- _TASK PROMPT_:
Below are the records; collect from them each line containing the string "DegreeCounting".

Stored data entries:
▽
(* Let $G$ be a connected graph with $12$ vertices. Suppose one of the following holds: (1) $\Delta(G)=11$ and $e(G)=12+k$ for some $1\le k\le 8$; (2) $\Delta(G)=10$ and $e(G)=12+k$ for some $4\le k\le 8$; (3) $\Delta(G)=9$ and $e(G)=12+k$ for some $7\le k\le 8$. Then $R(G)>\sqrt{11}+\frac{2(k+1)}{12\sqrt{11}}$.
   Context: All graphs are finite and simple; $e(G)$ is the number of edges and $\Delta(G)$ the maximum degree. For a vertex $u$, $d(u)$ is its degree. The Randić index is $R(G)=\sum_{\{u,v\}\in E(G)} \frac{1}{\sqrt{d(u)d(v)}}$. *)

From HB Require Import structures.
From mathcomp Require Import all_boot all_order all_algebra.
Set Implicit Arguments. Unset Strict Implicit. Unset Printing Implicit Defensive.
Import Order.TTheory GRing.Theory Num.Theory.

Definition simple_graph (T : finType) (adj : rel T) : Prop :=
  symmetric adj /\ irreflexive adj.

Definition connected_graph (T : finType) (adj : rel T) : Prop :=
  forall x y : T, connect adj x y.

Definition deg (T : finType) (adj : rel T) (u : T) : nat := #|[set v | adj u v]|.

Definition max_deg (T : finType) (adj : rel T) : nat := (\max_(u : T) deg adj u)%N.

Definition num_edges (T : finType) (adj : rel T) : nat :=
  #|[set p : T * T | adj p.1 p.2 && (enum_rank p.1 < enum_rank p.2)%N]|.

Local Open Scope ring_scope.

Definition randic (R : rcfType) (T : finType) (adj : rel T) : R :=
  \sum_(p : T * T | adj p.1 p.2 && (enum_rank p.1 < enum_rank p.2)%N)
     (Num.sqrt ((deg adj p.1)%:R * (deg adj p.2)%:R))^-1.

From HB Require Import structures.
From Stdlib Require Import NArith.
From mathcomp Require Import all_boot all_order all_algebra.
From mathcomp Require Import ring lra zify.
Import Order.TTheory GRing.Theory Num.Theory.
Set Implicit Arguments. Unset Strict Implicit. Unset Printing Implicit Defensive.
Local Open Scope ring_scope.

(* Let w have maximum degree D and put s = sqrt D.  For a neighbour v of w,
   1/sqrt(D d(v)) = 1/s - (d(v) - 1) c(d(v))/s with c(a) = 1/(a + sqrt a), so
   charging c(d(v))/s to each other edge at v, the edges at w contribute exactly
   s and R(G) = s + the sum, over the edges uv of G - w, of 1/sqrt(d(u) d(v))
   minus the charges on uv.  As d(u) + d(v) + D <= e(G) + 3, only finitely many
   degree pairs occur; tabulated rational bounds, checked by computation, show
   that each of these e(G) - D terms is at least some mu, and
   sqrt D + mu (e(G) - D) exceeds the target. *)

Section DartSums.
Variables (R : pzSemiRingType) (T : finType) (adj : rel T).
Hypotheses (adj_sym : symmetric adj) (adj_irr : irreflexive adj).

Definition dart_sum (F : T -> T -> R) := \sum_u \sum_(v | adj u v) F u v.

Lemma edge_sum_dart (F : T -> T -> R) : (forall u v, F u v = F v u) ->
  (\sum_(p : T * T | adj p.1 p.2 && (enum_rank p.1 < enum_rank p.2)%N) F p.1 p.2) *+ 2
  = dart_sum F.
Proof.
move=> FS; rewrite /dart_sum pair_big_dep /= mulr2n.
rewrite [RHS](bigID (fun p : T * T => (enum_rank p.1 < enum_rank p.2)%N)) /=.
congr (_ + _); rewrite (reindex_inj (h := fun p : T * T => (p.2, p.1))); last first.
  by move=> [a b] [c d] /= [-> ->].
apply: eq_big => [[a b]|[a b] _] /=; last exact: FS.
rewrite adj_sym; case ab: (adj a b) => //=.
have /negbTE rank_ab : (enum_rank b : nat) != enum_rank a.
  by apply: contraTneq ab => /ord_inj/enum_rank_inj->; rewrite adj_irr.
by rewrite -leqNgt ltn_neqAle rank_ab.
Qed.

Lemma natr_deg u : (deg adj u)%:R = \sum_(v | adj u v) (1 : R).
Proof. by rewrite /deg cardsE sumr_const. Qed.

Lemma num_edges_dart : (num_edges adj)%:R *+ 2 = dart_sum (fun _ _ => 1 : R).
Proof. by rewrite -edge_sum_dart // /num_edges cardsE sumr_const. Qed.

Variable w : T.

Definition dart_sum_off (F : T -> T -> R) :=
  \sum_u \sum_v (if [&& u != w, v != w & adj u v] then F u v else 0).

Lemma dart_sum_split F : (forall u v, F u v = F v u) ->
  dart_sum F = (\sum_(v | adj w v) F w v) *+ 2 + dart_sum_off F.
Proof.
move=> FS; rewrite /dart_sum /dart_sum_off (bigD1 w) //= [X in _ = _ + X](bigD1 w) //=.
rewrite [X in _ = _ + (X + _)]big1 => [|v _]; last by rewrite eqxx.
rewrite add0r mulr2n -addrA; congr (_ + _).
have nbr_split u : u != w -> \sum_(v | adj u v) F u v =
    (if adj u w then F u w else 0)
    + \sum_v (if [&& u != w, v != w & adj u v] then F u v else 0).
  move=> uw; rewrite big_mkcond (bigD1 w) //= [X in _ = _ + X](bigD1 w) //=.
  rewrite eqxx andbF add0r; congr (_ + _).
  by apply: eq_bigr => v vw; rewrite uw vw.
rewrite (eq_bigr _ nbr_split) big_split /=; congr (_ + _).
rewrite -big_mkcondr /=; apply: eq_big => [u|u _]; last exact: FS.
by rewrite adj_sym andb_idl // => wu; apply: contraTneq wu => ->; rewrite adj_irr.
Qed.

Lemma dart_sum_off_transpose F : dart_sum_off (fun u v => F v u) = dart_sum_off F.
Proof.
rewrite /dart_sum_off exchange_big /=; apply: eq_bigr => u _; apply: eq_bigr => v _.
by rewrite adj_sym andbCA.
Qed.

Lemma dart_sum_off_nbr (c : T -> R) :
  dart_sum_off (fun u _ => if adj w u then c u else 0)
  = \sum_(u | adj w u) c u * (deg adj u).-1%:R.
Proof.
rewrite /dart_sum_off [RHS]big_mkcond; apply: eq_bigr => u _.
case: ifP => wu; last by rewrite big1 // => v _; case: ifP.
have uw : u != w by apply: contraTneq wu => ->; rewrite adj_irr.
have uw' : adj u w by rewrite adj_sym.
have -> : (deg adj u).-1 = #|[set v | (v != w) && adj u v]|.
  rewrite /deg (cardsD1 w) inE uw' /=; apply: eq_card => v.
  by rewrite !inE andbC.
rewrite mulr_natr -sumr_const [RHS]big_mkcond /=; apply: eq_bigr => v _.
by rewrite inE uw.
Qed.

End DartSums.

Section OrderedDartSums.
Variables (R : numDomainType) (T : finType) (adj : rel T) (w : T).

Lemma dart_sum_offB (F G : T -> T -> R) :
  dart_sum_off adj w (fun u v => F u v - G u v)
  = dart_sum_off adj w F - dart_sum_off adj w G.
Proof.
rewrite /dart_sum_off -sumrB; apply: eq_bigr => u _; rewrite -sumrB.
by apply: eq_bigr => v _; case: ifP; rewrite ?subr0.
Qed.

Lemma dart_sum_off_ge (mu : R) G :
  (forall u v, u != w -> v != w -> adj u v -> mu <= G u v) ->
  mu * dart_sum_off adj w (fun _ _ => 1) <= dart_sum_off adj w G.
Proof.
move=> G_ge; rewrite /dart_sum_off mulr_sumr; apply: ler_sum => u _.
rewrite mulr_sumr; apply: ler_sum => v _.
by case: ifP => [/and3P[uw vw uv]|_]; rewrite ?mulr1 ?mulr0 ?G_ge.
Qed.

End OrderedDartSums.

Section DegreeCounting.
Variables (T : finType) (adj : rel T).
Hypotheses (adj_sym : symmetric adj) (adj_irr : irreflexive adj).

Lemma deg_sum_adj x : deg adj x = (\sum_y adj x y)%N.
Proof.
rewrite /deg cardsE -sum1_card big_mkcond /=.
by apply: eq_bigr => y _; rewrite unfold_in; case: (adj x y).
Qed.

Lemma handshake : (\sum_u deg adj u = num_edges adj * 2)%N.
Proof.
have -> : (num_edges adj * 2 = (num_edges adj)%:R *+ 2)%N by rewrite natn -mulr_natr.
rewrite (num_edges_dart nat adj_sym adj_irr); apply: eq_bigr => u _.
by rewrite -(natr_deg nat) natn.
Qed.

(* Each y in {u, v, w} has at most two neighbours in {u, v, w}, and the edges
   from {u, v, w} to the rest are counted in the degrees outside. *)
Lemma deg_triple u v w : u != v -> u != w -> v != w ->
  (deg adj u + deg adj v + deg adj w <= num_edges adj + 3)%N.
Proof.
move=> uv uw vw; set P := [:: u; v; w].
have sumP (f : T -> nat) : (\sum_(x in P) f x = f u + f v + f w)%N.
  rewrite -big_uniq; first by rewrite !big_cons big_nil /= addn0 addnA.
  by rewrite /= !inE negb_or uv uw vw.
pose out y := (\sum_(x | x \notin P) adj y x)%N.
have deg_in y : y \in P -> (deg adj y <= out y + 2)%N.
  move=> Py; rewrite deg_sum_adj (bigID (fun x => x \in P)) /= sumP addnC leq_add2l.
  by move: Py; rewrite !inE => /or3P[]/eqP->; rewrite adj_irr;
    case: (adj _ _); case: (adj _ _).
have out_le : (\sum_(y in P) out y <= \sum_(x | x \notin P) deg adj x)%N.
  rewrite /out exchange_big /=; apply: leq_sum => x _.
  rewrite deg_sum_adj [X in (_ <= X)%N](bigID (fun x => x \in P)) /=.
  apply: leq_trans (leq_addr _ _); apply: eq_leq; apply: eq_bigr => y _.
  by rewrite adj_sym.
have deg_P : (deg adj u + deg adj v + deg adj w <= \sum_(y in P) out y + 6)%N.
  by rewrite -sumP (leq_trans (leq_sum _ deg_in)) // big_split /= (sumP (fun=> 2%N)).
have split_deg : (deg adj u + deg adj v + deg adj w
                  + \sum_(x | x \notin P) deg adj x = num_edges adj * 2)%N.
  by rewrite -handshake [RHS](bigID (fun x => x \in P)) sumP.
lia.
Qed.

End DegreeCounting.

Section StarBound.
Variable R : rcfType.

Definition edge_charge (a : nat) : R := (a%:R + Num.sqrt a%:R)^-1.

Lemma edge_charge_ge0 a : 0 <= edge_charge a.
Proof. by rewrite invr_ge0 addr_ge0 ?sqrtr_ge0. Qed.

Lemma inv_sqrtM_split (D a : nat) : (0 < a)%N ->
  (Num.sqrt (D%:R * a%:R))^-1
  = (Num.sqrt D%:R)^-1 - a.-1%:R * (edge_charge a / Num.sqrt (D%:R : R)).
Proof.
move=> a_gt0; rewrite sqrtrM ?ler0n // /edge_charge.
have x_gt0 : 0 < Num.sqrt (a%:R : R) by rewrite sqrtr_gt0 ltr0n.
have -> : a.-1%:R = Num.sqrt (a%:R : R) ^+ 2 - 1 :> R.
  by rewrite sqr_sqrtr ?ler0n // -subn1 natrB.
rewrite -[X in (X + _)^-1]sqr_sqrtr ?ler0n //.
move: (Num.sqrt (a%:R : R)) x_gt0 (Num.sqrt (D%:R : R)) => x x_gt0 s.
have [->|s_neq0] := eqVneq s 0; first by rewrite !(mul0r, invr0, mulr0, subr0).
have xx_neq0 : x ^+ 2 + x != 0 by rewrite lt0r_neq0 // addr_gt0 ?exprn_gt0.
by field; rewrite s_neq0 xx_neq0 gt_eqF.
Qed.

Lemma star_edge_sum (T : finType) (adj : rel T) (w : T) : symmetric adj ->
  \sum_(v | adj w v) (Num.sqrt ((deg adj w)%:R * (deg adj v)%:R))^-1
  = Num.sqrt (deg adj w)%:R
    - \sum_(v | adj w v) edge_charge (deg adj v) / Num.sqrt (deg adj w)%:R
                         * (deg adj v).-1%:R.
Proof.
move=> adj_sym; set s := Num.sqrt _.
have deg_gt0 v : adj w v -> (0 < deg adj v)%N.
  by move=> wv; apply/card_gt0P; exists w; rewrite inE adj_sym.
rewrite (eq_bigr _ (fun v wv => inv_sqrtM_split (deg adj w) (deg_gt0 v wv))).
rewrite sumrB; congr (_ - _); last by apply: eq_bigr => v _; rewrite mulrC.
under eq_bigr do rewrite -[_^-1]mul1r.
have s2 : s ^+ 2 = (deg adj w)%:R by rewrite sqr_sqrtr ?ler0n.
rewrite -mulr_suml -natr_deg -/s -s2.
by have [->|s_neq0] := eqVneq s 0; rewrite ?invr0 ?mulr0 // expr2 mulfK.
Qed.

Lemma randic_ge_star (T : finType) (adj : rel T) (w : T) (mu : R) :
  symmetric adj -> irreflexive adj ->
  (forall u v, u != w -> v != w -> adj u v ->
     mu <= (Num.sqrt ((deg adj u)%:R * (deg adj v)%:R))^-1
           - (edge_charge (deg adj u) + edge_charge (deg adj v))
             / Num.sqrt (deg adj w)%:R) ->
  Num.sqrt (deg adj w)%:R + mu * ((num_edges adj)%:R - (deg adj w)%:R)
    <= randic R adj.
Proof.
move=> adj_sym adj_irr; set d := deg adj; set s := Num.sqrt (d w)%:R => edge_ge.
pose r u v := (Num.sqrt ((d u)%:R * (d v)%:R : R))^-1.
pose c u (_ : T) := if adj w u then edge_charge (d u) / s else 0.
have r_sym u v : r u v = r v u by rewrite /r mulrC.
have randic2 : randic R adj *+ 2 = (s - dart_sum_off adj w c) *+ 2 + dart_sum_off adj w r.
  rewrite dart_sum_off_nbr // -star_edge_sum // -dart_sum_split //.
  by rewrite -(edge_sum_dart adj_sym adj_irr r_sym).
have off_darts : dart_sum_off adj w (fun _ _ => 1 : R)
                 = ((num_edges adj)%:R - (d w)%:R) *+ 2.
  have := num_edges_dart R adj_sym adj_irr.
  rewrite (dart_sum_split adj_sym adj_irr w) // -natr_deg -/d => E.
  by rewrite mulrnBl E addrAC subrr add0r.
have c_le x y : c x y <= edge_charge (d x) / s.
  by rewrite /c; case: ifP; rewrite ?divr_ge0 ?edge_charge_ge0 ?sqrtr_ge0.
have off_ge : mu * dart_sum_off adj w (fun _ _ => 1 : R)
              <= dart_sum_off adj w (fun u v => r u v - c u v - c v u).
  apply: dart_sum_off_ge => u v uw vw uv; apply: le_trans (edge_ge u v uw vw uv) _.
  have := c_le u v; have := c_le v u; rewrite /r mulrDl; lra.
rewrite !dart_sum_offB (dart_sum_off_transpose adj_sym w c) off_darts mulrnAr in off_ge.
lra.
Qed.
△
- _YOUR SOLUTION_:
Section DegreeCounting.
End DegreeCounting.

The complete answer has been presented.